### What you are asked to do
Find the string "From" in the records and copy each line where it occurs.

═════ Task material

(* Consider the two-layer multi-item order fulfillment problem described in the context, with $K\ge 1$ FDCs, fixed costs $f_0,f_1,\dots,f_K\ge 0$, and let $f=\min_{k\in[K]}f_k$. Suppose there are constants $b>a>0$ such that all variable costs satisfy $a\le c_{k,t}^i\le b$. For a threshold $\theta\ge 0$, let \textsc{Order-Size F-Priority} be the Gated Priority-based Greedy policy that uses, for every item $i$, the priority ranking $\prec_{\mathrm F}$ on $\{0,1,\dots,K\}$ defined by $k\prec_{\mathrm F}j \iff f_k<f_j$ or ($f_k=f_j$ and $k<j$), and the gating condition $G=\mathbb{I}\big(\sum_{i=1}^n S_t^i>\theta\big)$. Then \[\mathfrak{R}(\textsc{Order-Size F-Priority})\le \max\left\{\theta,\ \frac{f_0+b\theta}{f+a\theta},\ \frac{b}{a}\right\}.\] In particular, if $\theta=\sqrt{\frac{f_0}{a}+\frac{(f-b)^2}{4a^2}}-\frac{f-b}{2a}$, then \[\mathfrak{R}(\textsc{Order-Size F-Priority})\le \max\left\{\sqrt{\frac{f_0}{a}+\frac{(f-b)^2}{4a^2}}-\frac{f-b}{2a},\ \frac{b}{a}\right\}.\]
   Context: Problem. There are $n$ items indexed by $i\in[n]=\{1,\dots,n\}$, $K$ front distribution centers (FDCs) indexed by $k\in[K]$, and one regional distribution center (RDC) indexed by $k=0$ that has unlimited inventory of every item. FDC $k$ initially holds $I_{k,0}^i\ge 0$ units of item $i$; FDC inventory is never replenished. In each period $t=1,\dots,T$ an order $\boldsymbol S_t=(S_t^i)_{i\in[n]}$ of nonnegative integers arrives. After observing $\boldsymbol S_t$ and the per-unit variable costs $c_{k,t}^i$ ($k=0,\dots,K$, $i\in[n]$), a policy must immediately and irrevocably choose quantities $m_{k,t}^i\ge 0$ with $\sum_{k=0}^K m_{k,t}^i=S_t^i$ for all $i$ and $m_{k,t}^i\le I_{k,t-1}^i$ for all $k\in[K]$, where $I_{k,t}^i=I_{k,0}^i-\sum_{\tau=1}^t m_{k,\tau}^i$. The cost of period $t$ is $\sum_{k=0}^K\big[f_k\,\mathbb{I}(\sum_{i=1}^n m_{k,t}^i>0)+\sum_{i=1}^n c_{k,t}^i m_{k,t}^i\big]$ (fixed costs $f_k$ are given); the total cost is the sum over all periods. An online policy (possibly randomized) chooses the period-$t$ quantities using only the fixed costs, initial inventories, and the orders and variable costs of periods $1,\dots,t$. An instance $I$ consists of $n,T$, the initial inventories, variable costs and orders; $\mathrm{ALG}(I)$ is the (expected) total cost of the policy and $\mathrm{OPT}(I)$ is the minimum total cost of a feasible plan chosen with full knowledge of the instance. The competitive ratio is $\mathfrak R(\mathrm{ALG})=\sup \mathrm{ALG}(I)/\mathrm{OPT}(I)$, the supremum over all $n,T$, all initial inventories, all variable costs $c_{k,t}^i\in[a,b]$ and all order sequences. Gated Priority-based Greedy policy: given for each item $i$ a total order $\prec_i$ on $\{0,1,\dots,K\}$ and a Boolean gating condition $G$ (a function of the fixed costs, current variable costs, current order and greedy plan), in each period $t$ it computes the greedy plan $\hat m_{k,t}^i=\min\big\{\big(S_t^i-\sum_{k'\in[K]:k'\prec_i k}I_{k',t-1}^i\big)^+,\ I_{k,t-1}^i\big\}\cdot\mathbb{I}(k\prec_i 0)$ for $k\in[K]$ and $\hat m_{0,t}^i=S_t^i-\sum_{k\in[K]}\hat m_{k,t}^i$; if $G=1$ it sets $m_{0,t}^i=S_t^i$ and $m_{k,t}^i=0$ for $k\in[K]$ (whole order to the RDC), otherwise $m_{k,t}^i=\hat m_{k,t}^i$ for all $k,i$; then it updates inventories. *)

From HB Require Import structures.
From mathcomp Require Import all_boot all_order all_algebra.
Set Implicit Arguments. Unset Strict Implicit. Unset Printing Implicit Defensive.
Import Order.TTheory GRing.Theory Num.Theory.
Local Open Scope ring_scope.

Section Fulfillment.
Variables (R : realFieldType) (K n : nat).

(* Locations are 'I_K.+1 : index 0 is the RDC, indices 1..K are the FDCs.
   Items are 'I_n.  Periods t = 1..T are represented by 0-based t < T. *)
Definition rdc : 'I_K.+1 := ord0.

Definition qty := 'I_K.+1 -> 'I_n -> nat.

(* Greedy plan for per-item priority orders prec i (k \prec_i j = prec i k j),
   current inventories I (= I_{.,t-1}) and current order S (= S_t).
   Nat subtraction is truncated, i.e. it is (.)^+ . *)
Definition greedy_hat (prec : 'I_n -> rel 'I_K.+1) (I : qty) (S : 'I_n -> nat)
  (k : 'I_K.+1) (i : 'I_n) : nat :=
  if prec i k rdc then
    minn (S i - \sum_(k' < K.+1 | (k' != rdc) && prec i k' k) I k' i)%N (I k i)
  else 0%N.

Definition greedy_plan (prec : 'I_n -> rel 'I_K.+1) (I : qty) (S : 'I_n -> nat) : qty :=
  fun k i => if k == rdc
             then (S i - \sum_(k' < K.+1 | k' != rdc) greedy_hat prec I S k' i)%N
             else greedy_hat prec I S k i.

(* The gate G may depend
   on the current variable costs, the current order and the greedy plan
   (fixed costs are parameters and may be closed over by G). *)
Definition gpg_decision (prec : 'I_n -> rel 'I_K.+1)
  (G : ('I_K.+1 -> 'I_n -> R) -> ('I_n -> nat) -> qty -> bool)
  (ct : 'I_K.+1 -> 'I_n -> R) (S : 'I_n -> nat) (I : qty) : qty :=
  let mh := greedy_plan prec I S in
  if G ct S mh then (fun k i => if k == rdc then S i else 0%N) else mh.

(* Inventories after t periods under the policy (gpg_inv ... t = I_{.,t}). *)
Fixpoint gpg_inv (prec : 'I_n -> rel 'I_K.+1)
  (G : ('I_K.+1 -> 'I_n -> R) -> ('I_n -> nat) -> qty -> bool)
  (I0 : qty) (S : nat -> 'I_n -> nat) (c : nat -> 'I_K.+1 -> 'I_n -> R)
  (t : nat) : qty :=
  match t with
  | 0 => I0
  | t'.+1 =>
      let I := gpg_inv prec G I0 S c t' in
      let m := gpg_decision prec G (c t') (S t') I in
      fun k i => (I k i - m k i)%N
  end.

Definition gpg_plan (prec : 'I_n -> rel 'I_K.+1)
  (G : ('I_K.+1 -> 'I_n -> R) -> ('I_n -> nat) -> qty -> bool)
  (I0 : qty) (S : nat -> 'I_n -> nat) (c : nat -> 'I_K.+1 -> 'I_n -> R)
  (t : nat) : qty :=
  gpg_decision prec G (c t) (S t) (gpg_inv prec G I0 S c t).

Definition period_cost (f : 'I_K.+1 -> R) (ct : 'I_K.+1 -> 'I_n -> R) (m : qty) : R :=
  \sum_(k < K.+1)
    (f k * (if (0 < \sum_(i < n) m k i)%N then 1 else 0)
     + \sum_(i < n) ct k i * (m k i)%:R).

Definition total_cost (f : 'I_K.+1 -> R) (c : nat -> 'I_K.+1 -> 'I_n -> R)
  (T : nat) (m : nat -> qty) : R :=
  \sum_(t < T) period_cost f (c t) (m t).

Definition feasible (I0 : qty) (S : nat -> 'I_n -> nat) (T : nat)
  (m : nat -> qty) : Prop :=
  (forall t, (t < T)%N -> forall i, (\sum_(k < K.+1) m t k i)%N = S t i) /\
  (forall t, (t < T)%N -> forall k, k != rdc -> forall i,
      (m t k i <= I0 k i - \sum_(s < t) m s k i)%N).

══════════

### Exercise result
From HB Require Import structures.
From mathcomp Require Import all_boot all_order all_algebra.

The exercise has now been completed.